Besides, it would be ambiguous anyway since it's possible to call static functions on instances:
此外,无论如何它都是模棱两可的,因为可以在实例上调用静态函数:
ISO 14882:2003 C++ Standard 9.4/2 – Static members
A static member
sof classXmay be referred to using the qualified-idexpressionX::s; it is not necessary to use the class member access syntax (5.2.5) to refer to astatic member. Astaticmember may be referred to using the class member access syntax, in which case theobject-expressionis evaluated. [Example:
ISO 14882:2003 C++ 标准 9.4/2 – 静态成员
可以使用qualified-id表达式引用
s类的静态成员;没有必要使用类成员访问语法 (5.2.5) 来引用. 甲 构件可被称为使用类的成员访问语法,在这种情况下被评估。[例子:XX::sstatic memberstaticobject-expression
class process {
public:
static void reschedule();
}
process& g();
void f()
{
process::reschedule(); // OK: no object necessary
g().reschedule(); // g() is called
}
—end example]
...
—结束示例]
...
So there would be ambiguity with what you have:
所以你所拥有的东西会有歧义:
class Foo
{
public:
string bla;
Foo() { bla = "nonstatic"; }
void print() { cout << bla << endl; }
static void print() { cout << "static" << endl; }
};
int main()
{
Foo f;
// Call the static or non-static member function?

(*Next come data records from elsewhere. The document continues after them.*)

Lemma MC_pre_of_frame_change (Y : MC) (D : i3 -> vf) (c : i3 -> i3 -> i3 -> pt -> R)
  (M N : i3 -> i3 -> pt -> R) :
  is_struct D c -> (forall i, smooth_vf (D i)) -> frame D ->
  frame_change (mD Y) D M -> (forall m n, smooth (M m n)) -> (forall m n, smooth (N m n)) ->
  mx_left_inverse N M -> mx_left_inverse M N ->
  (forall i, smooth (mg Y i)) -> smooth (mxi Y) -> (forall x, Defs.E1 Y x) ->
  (forall i x, E2 Y (new_struct D M N c) i x) -> MC_pre Y.
Proof.
  intros Hs HD Hfr HYD HM HN HNM HMN Hg Hxi HE1 HE2.
  repeat split; try assumption.
  - exact (frame_change_smooth _ _ _ HYD HM HD).
  - exact (frame_change_frame _ _ _ _ HYD HMN Hfr).
  - exists (new_struct D M N c). split; [|exact HE2].
    exact (frame_change_struct _ _ _ _ _ HYD HM Hs HD Hfr HN HNM).
Qed.

Create HintDb nonzero.

Section NormalTuple.
Variables (X : MC) (u : pt -> R) (c : i3 -> i3 -> i3 -> pt -> R).
Hypothesis Hs : is_struct (mD X) c.
Hypothesis HD : forall i, smooth_vf (mD X i).
Hypothesis Hfr : frame (mD X).
Hypothesis Hxi : smooth (mxi X).
Hypothesis Hu : smooth u.
Hypothesis u_pos : forall y, 0 < u y.
Hypothesis Hg1 : mg X I1 = fun _ => 1/2.
Hypothesis Hg2 : mg X I2 = fun y => 1/2 * (-1 - u y).
Hypothesis Hg3 : mg X I3 = fun y => 1/2 * (-1 - / u y).
Hypothesis HE2 : forall i x, E2 X c i x.
Hypothesis Hc231 : forall x, c I2 I3 I1 x = -2.

Lemma u_neq0 y : u y <> 0. Proof. specialize (u_pos y); lra. Qed.
Lemma u_add1_neq0 y : u y + 1 <> 0. Proof. specialize (u_pos y); lra. Qed.
#[local] Hint Resolve u_neq0 u_add1_neq0 : nonzero.

Lemma struct_smooth j k l : smooth (c j k l).
Proof. apply Hs. Qed.

Ltac nonzero := cbv beta; solve [auto with nonzero].
Ltac smooth_tac := repeat first
  [ assumption | apply smooth_const | apply smooth_app | apply struct_smooth | apply HD
  | apply smooth_add | apply smooth_sub | apply smooth_opp | apply smooth_mul
  | apply smooth_inv | apply smooth_ln | (intro; nonzero) ].
Ltac side := first [ solve [smooth_tac] | nonzero ].
Ltac push := repeat first
  [ rewrite app_const | rewrite app_add by side | rewrite app_sub by side
  | rewrite app_opp by side | rewrite app_mul by side | rewrite app_inv by side
  | rewrite app_ln by side ].
Ltac push_in H := repeat first
  [ rewrite app_const in H | rewrite app_add in H by side | rewrite app_sub in H by side
  | rewrite app_opp in H by side | rewrite app_mul in H by side | rewrite app_inv in H by side
  | rewrite app_ln in H by side ].
Lemma ip_damped_rate (v u c : H) (lambda alpha t : R) : t != 0 ->
  ip (lambda *: v + t *: u) ((lambda + 1) *: u + t *: (- ((alpha / t) *: u) - c))
  = lambda * (lambda + 1 - alpha) * ip v u + t * (lambda + 1 - alpha) * `|u| ^+ 2
    - t * lambda * ip c v - t ^+ 2 * ip c u.
Proof.
move=> t_neq0; rewrite -ipxx !(ipDl, ipDr, ipZl, ipZr, ipNl, ipNr).
by rewrite (ipC v c) (ipC u c); field.
Qed.

End InnerProduct.

Lemma ae_neq {R : realType} (a : R) : {ae @lebesgue_measure R, forall t, t != a}.
Proof.
exists [set a]; split; [exact: measurable_set1|exact: lebesgue_measure_set1|].
by move=> t /= /negP; rewrite negbK => /eqP.
Qed.

Theorem lemma4p11 (R : realType) (H : completeNormedModType R)
  (ip : H -> H -> R) (m : nat) (f : 'I_m.+1 -> H -> R) (gradf : 'I_m.+1 -> H -> H)
  (alpha t0 : R) (x0 v0 : H) (x xd xdd : R -> H) (z : H) (lambda : R) :
  inner_product ip ->
  (forall i, convex_fun (f i)) ->
  (forall i, C1_with_gradient ip (f i) (gradf i)) ->
  0 < alpha -> 0 < t0 ->
  is_solution gradf alpha t0 x0 v0 x xd xdd ->
  0 <= lambda -> lambda + 1 <= alpha ->
  let xi := lambda * (alpha - 1 - lambda) in
  forall i : 'I_m.+1,
  {ae (@lebesgue_measure R), forall t, t0 <= t ->
    exists2 dE : R, is_derive t 1 (energy (f i) x xd z lambda xi) dE &
      dE <= 2 * t * (f i (x t) - f i z)
            - t * lambda * minI (fun j => f j (x t) - f j z)
            + t * (lambda + 1 - alpha) * `|xd t| ^+ 2}.
Proof.
move=> ipP f_convex f_C1 alpha_gt0 t0_gt0 [[[x_der _] _] _ xd_der x_proj _].
move=> lambda_ge0 lambda_le xi i.
apply: (@filterS3 _ _ (ae_filter_ringOfSetsType _) _ _ _ _ _
  (ae_neq t0) xd_der x_proj) => t t_neq xd_dert x_projt t0_le.
have t0_lt : t0 < t by rewrite lt_neqAle eq_sym t_neq.
have t_gt0 : 0 < t by exact: lt_trans t0_lt.
have [fx_diff fx_grad] := (f_C1 i).1 (x t).
have x_dert : is_derive t 1 x (xd t).
  apply: has_deriv_on_is_derive x_der _.
  have t_in : t \in `]t0, +oo[ by rewrite in_itv /= andbT.
  apply: filterS (near_in_itvoy t_in) => s; rewrite in_itv /= andbT => /ltW.
  by rewrite /= in_itv /= andbT.
have E_der := is_derive_energy ipP z lambda xi fx_diff x_dert (xd_dert t0_le).
eexists; first exact: E_der.
have [[c Cc cE] _] := x_projt t0_lt.
have xddE : xdd t = - ((alpha / t) *: xd t) - c by rewrite -cE addrC addKr.
have descent : ip (gradf i (x t)) (xd t) - ip c (xd t) <= 0.
  have K_convex := convex_shift_set (xdd t) (convex_conv_hull (gradf^~ (x t))).
  have Kg : shift_set (Cset gradf (x t)) (xdd t) (gradf i (x t) + xdd t).
    by exists (gradf i (x t)); first exact: conv_hull_mem.
  have := is_proj_variational ipP K_convex (x_projt t0_lt) _ Kg.
  have -> : gradf i (x t) + xdd t - - ((alpha / t) *: xd t) = gradf i (x t) - c.
    by rewrite -cE opprD addrACA subrr addr0.
  rewrite subr0 (ipNl ipP) (ipZl ipP) oppr_ge0 pmulr_rle0 ?divr_gt0 //.
  by rewrite (ipC ipP) (ipBl ipP).
have min_le := minI_le_ip_Cset ipP (x t) z c f_convex (fun j => (f_C1 j).1) Cc.
rewrite fx_grad xddE (ip_damped_rate ipP) ?gt_eqF //.
have : t ^+ 2 * (ip (gradf i (x t)) (xd t) - ip c (xd t)) <= 0.
  by rewrite mulr_ge0_le0 ?sqr_ge0.
have : t * lambda * minI (fun j => f j (x t) - f j z) <= t * lambda * ip c (x t - z).
  by apply: ler_wpM2l => //; rewrite mulr_ge0 // ltW.
rewrite /xi; lra.
Qed.
(* Let $A\in\mathbb{C}^{m\times n}$ ($m\ge 2$), $\alpha_0,\beta_0\in(0,\tfrac{\pi}{2})$, and suppose row $i_0$ of $A$ is weakly dominated by row $i_1$ of $A$ ($i_1\ne i_0$), i.e. $\mathrm{Re}((e^{i_0})^*Ad^j)\le\mathrm{Re}((e^{i_1})^*Ad^j)$ for all $j\in\mathcal J$, with strict inequality for at least one $j_0\in\mathcal J$. Let $A'\in\mathbb{C}^{(m-1)\times n}$ be obtained from $A$ by deleting row $i_0$. Suppose $(z^0,w^0)$, with $z^0=(z^0_1,\dots,z^0_{i_0-1},z^0_{i_0+1},\dots,z^0_m)\in S^{m-1}_{\alpha_0}$ and $w^0\in S^n_{\beta_0}$, is a complex Nash equilibrium of $G_{\mathcal C}(A')$, and suppose the condition of elimination $$\mathrm{Im}((e^{i_0})^*Aw^0)=\mathrm{Im}((e^{i_1})^*Aw^0)$$ holds. Then, with $z'^0=(z^0_1,\dots,z^0_{i_0-1},0,z^0_{i_0+1},\dots,z^0_m)\in S^m_{\alpha_0}$, the pair $(z'^0,w^0)$ is a complex Nash equilibrium of $G_{\mathcal C}(A)$ and $v_{A'}=v_A$.
   Context: For $\gamma\in(0,\tfrac{\pi}{2})$ and $p\ge 1$ let $S^p_\gamma=\{z\in\mathbb{C}^p:\ \text{for each }k,\ z_k=0\text{ or }|\arg z_k|\le\gamma,\ \sum_{k=1}^p z_k=1\}$ ($\arg$ the principal argument in $(-\pi,\pi]$). Its extreme points are $d^1,\dots,d^{p^2}$, where $d^k=e^k$ (standard basis vector) for $k\le p$, and $d^{p+1},\dots,d^{p^2}$ are the $p(p-1)$ vectors having exactly two nonzero coordinates, one equal to $\tfrac12+bi$ and another equal to $\tfrac12-bi$, with $b=\tfrac12\tan\gamma$. The two-player zero-sum complex game $G_{\mathcal C}(A)$, for $A\in\mathbb{C}^{m\times n}$ and strategy arguments $\alpha_0,\beta_0$: player I chooses $z\in S^m_{\alpha_0}$, player II chooses $w\in S^n_{\beta_0}$, player I receives $\mathrm{Re}(z^*Aw)$ and player II receives $-\mathrm{Re}(z^*Aw)$ ($z^*$ the conjugate transpose); $G_{\mathcal C}(A')$ is defined the same way with $S^{m-1}_{\alpha_0}$ for player I. Here $d^j$, $j\in\mathcal J=\{1,\dots,n^2\}$, are the extreme points of $S^n_{\beta_0}$ and $e^i$ the standard basis vectors of $\mathbb{C}^m$. A pair $(z^0,w^0)$ is a complex Nash equilibrium if $\mathrm{Re}(z^*Aw^0)\le\mathrm{Re}((z^0)^*Aw^0)\le\mathrm{Re}((z^0)^*Aw)$ for all strategies $z$ of player I and $w$ of player II; the value of the game is $v_A=\mathrm{Re}((z^0)^*Aw^0)$ for a Nash equilibrium $(z^0,w^0)$. *)

From mathcomp Require Import all_boot all_order all_algebra.
From mathcomp Require Import reals trigo.
From mathcomp Require Export complex.
Set Implicit Arguments. Unset Strict Implicit. Unset Printing Implicit Defensive.
Import Order.TTheory GRing.Theory Num.Theory.
Local Open Scope ring_scope.
Local Open Scope complex_scope.

Section ComplexGame.
Variable R : realType.

Definition modc (z : R[i]) : R := Num.sqrt (complex.Re z ^+ 2 + complex.Im z ^+ 2).

Definition parg_abs_le (z : R[i]) (g : R) : Prop :=
  exists th : R, [/\ - pi < th, th <= pi, `|th| <= g &
    z = (modc z * cos th) +i* (modc z * sin th)].

Definition strat (p : nat) (g : R) (z : 'cV[R[i]]_p) : Prop :=
  (forall k : 'I_p, z k 0 = 0 \/ parg_abs_le (z k 0) g) /\
  \sum_(k < p) z k 0 = 1.

Definition ebasis (p : nat) (k : 'I_p) : 'cV[R[i]]_p := delta_mx k 0.

(* the extreme points d^1..d^{p^2} of S^p_gamma, b = tan(gamma)/2 *)
Definition extreme_pt (p : nat) (g : R) (d : 'cV[R[i]]_p) : Prop :=
  (exists k : 'I_p, d = ebasis k) \/
  (exists k l : 'I_p, k != l /\
     d = ((1/2) +i* (tan g / 2)) *: ebasis k + ((1/2) -i* (tan g / 2)) *: ebasis l).

Definition ctr (p q : nat) (M : 'M[R[i]]_(p, q)) : 'M[R[i]]_(q, p) :=
  (map_mx Num.conj M)^T.

Definition bil (m n : nat) (A : 'M[R[i]]_(m, n)) (z : 'cV[R[i]]_m) (w : 'cV[R[i]]_n) : R[i] :=
  (ctr z *m A *m w) 0 0.

Definition payoff (m n : nat) (A : 'M[R[i]]_(m, n)) z w : R := complex.Re (bil A z w).

Definition complex_NE (m n : nat) (a0 b0 : R) (A : 'M[R[i]]_(m, n))
    (z0 : 'cV[R[i]]_m) (w0 : 'cV[R[i]]_n) : Prop :=
  [/\ strat a0 z0, strat b0 w0,
      (forall z, strat a0 z -> payoff A z w0 <= payoff A z0 w0) &
      (forall w, strat b0 w -> payoff A z0 w0 <= payoff A z0 w)].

// C++ standard 9.4/2 says that static member
// functions are callable via this syntax. But
// since there's also a non-static function named
// "print()", it is ambiguous.
f.print();
}
To address your question about whether you can check what instance a member function is being called on, there is the thiskeyword. The thiskeyword points to the object for which function was invoked. However, the thiskeyword will always point to an object i.e. it will never be NULL. Therefore it's not possible to check if a function is being called statically or not à la PHP.
为了解决您是否可以检查正在调用成员函数的实例的问题,有this关键字。的this关键字指向的对象为其调用功能。但是,this关键字将始终指向一个对象,即它永远不会是NULL。因此,不可能检查函数是否被静态调用或不是像 PHP 那样被调用。
ISO 14882:2003 C++ Standard 9.3.2/1 – The this pointer
In the body of a nonstatic (9.3) member function, the keyword
thisis a non-lvalue expression whose value is the address of the object for which the function is called.
ISO 14882:2003 C++ 标准 9.3.2/1 – this 指针
在非静态 (9.3) 成员函数的主体中,关键字
this是一个非左值表达式,其值是调用该函数的对象的地址。
回答by Janick Bernet
It is definitely not allowed. I don't see any clean way of achieving this. What is exactly the problem that you want to solve this way?
这是绝对不允许的。我没有看到任何干净的方法来实现这一目标。您想以这种方式解决的问题究竟是什么?
回答by Brian Roach
The answer is no, because you can't overload based on a return type.
答案是否定的,因为您不能基于返回类型进行重载。
You can certainly have static methods in a class, but you can't have:
你当然可以在一个类中有静态方法,但你不能有:
static void foo();
void foo();
Because they have the same method signature.
因为它们具有相同的方法签名。
EDIT:I saw your comment saying why you wanted to do this, and that you wanted to access member variables. You'd need to do this:
编辑:我看到你的评论说你为什么要这样做,以及你想访问成员变量。你需要这样做:
static void print(Foo f);
void print();
....
static void Foo::print(Foo f)
{
int a = f.a;
// do something with a
}
(Or create getters and setters in Foo, etc, but that's the general idea)
(或者在 Foo 等中创建 getter 和 setter,但这是一般的想法)
回答by Ben Voigt
You can't do that exactly, see In silico's answer.
您不能完全做到这一点,请参阅In silico's answer。
But you can make Foo::print()and Foo foo; print(foo);do different things. (Define void print(Foo& foo)in the same namespace as class Foo, it will be found by ADL).
但是你可以制作Foo::print()和Foo foo; print(foo);做不同的事情。(定义void print(Foo& foo)在与 相同的命名空间中class Foo,它将被 ADL 找到)。
In any case, this is not a good idea. You have two functions very similar in name which do completely different things, which violates good design principles.
无论如何,这都不是一个好主意。你有两个名称非常相似的函数,它们做完全不同的事情,这违反了良好的设计原则。